You and I want x variables that help explain y. The reason is so that we can predict and explain movement in y. As an example, if we can predict and explain crop yield maybe we can make yield higher so that we can feed the world!
So, we want x’s that are correlated with y. This is a good thing. But, sometimes the x’s will be correlated with each other. This is called multicollinearity. The problem here is that sometimes we can not see the separate influence an x has on y because the other x’s have picked up the influence due to their correlation.
Let’s think about crop yield. Some farmers have water systems. The more it rains in a summer the less water the farmers directly apply. (Okay, maybe I am ignorant here and farmers here can use all the water they can apply – its an example.) If you included both inches of rain and water applied there is a correlation between the two.
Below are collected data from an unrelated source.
(* Let $G$ be a countably based profinite group with normalised Haar measure $\mu$, let $x\in G$, and let $(N_i)_{i\geq1}$ be a descending chain of open normal subgroups of $G$ with $\bigcap_i N_i=1$. Define $c_1(x)=\sup_{i\geq1}|C_{G/N_i}(xN_i)|$, $c_2(x)=\sup_{N\trianglelefteq_o G}|C_{G/N}(xN)|$, and $c_3(x)=\sup_{K\trianglelefteq G}|C_{G/K}(xK)|$ (with $K$ ranging over closed normal subgroups, and $c_3(x)=\infty$ if some $C_{G/K}(xK)$ is infinite). Then $c_1(x)=c_2(x)=c_3(x)=:c(x)$ and $\mu(x^G)=1/c(x)$ (interpreted as $0$ if $c(x)=\infty$), where $x^G=\{g^{-1}xg: g\in G\}$.
   Context: $N\trianglelefteq_o G$ means $N$ is an open normal subgroup of $G$. *)

From HB Require Import structures.
From mathcomp Require Import all_boot all_order all_algebra.
From mathcomp Require Import all_classical all_reals all_analysis.
Set Implicit Arguments. Unset Strict Implicit. Unset Printing Implicit Defensive.
Import Order.TTheory GRing.Theory Num.Theory.
Local Open Scope classical_set_scope.
Local Open Scope ereal_scope.

(* A profinite group: a compact, Hausdorff, totally disconnected topological
   group.  The carrier is a pointed topological space (pointedness is harmless:
   a group is inhabited by its identity). *)
Record profinite_group := ProfiniteGroup {
  pg_sort :> ptopologicalType;
  pg_mul : pg_sort -> pg_sort -> pg_sort;
  pg_inv : pg_sort -> pg_sort;
  pg_one : pg_sort;
  pg_mulA : forall a b c, pg_mul a (pg_mul b c) = pg_mul (pg_mul a b) c;
  pg_mul1g : forall a, pg_mul pg_one a = a;
  pg_mulg1 : forall a, pg_mul a pg_one = a;
  pg_mulVg : forall a, pg_mul (pg_inv a) a = pg_one;
  pg_mulgV : forall a, pg_mul a (pg_inv a) = pg_one;
  pg_mul_cont : continuous (fun p : pg_sort * pg_sort => pg_mul p.1 p.2);
  pg_inv_cont : continuous pg_inv;
  pg_compact : compact [set: pg_sort];
  pg_hausdorff : hausdorff_space pg_sort;
  pg_tdisc : totally_disconnected [set: pg_sort] }.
This may make it difficult to see the separate impact of either the rain or the water from the system.
If the x’s (the independent variables) have correlations more extreme than .7 or -.7 then multicollinearity could be a problem
r square on the regression printout is a measure designed to indicate the strength of the impact of the x’s on y. The number can be between 0 and 1, with values closer to 1 meaning the stronger the relationship.
r square is actually the percentage of the variation in y that is accounted for by the x variables. This is also an important idea because although we may have a significant relationship we may not be explaining much. From the yield example the more variation we can explain then the more we can control yield and thus feed the world, perhaps. Or maybe in business setting the more variation we can explain the more profit we can make.